Task statement = From the material below, copy out each line with the word "apply" in it.

─── Information ───

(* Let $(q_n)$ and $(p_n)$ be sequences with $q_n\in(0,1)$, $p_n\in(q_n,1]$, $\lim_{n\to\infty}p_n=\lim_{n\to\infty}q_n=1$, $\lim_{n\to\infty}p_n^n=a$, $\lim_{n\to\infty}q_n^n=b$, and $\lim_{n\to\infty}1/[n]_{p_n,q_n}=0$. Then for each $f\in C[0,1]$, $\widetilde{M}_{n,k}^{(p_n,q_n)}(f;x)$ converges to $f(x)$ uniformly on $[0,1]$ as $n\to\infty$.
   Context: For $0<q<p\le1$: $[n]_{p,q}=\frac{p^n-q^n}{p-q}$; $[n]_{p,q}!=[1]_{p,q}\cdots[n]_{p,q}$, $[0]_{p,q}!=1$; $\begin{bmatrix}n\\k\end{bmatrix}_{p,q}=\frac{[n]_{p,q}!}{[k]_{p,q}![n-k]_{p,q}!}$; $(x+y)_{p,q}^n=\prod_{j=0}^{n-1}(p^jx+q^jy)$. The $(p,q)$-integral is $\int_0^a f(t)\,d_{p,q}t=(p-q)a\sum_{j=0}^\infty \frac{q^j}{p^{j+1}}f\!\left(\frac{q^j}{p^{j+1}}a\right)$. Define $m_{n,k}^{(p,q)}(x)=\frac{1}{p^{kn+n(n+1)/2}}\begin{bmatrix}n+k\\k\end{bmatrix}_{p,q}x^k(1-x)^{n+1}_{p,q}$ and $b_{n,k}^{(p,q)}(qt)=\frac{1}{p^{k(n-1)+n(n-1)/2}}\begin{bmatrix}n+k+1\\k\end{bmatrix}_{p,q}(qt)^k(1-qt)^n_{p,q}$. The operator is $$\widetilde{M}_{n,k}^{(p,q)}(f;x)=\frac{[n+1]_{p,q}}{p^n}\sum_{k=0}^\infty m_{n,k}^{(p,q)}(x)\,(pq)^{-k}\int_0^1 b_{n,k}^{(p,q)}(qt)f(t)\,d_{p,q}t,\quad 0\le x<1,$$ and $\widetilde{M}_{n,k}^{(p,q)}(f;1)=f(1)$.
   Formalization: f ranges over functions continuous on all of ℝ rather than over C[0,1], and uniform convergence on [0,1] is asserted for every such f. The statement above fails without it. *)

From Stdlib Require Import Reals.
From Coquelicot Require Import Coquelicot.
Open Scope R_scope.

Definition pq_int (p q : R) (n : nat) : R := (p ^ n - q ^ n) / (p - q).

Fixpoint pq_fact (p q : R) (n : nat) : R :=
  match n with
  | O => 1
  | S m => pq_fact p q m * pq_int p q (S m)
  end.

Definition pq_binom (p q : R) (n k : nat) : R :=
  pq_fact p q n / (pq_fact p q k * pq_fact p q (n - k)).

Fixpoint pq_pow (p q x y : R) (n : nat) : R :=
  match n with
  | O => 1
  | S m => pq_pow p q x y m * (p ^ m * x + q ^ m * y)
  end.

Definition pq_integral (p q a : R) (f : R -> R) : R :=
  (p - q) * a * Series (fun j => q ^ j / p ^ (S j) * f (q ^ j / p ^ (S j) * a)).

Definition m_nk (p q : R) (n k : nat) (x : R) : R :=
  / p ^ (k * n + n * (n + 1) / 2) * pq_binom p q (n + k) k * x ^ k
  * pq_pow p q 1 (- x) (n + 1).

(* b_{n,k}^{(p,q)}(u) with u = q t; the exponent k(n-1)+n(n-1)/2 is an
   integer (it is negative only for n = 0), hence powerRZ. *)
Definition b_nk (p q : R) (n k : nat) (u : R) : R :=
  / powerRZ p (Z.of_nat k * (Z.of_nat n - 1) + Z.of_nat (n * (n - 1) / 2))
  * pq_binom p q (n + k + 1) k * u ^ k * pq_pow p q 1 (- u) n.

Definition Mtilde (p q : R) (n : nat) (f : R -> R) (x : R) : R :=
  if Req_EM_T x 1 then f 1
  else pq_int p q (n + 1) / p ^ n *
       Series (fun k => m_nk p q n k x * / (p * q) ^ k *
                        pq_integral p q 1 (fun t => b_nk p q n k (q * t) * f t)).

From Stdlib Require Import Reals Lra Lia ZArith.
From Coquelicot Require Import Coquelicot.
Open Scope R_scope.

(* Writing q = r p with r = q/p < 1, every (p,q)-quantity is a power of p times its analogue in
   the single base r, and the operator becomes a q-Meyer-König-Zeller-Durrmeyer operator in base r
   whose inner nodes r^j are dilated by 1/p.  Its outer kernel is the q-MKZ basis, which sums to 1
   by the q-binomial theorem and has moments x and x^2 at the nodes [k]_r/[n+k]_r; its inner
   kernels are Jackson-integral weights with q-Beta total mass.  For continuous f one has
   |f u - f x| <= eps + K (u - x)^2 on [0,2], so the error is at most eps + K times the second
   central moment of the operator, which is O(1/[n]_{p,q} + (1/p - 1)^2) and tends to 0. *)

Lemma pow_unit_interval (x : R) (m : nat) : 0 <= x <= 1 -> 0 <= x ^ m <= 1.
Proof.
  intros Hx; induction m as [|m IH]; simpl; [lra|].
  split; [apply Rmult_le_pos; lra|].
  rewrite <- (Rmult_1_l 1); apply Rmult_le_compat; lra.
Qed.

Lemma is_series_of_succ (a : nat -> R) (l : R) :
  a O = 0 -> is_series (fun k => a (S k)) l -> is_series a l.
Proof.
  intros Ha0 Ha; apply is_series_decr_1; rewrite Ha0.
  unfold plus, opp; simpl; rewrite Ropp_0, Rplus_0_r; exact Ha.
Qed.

───

Written solution =
  split; [apply Rmult_le_pos; lra|].
  rewrite <- (Rmult_1_l 1); apply Rmult_le_compat; lra.
  intros Ha0 Ha; apply is_series_decr_1; rewrite Ha0.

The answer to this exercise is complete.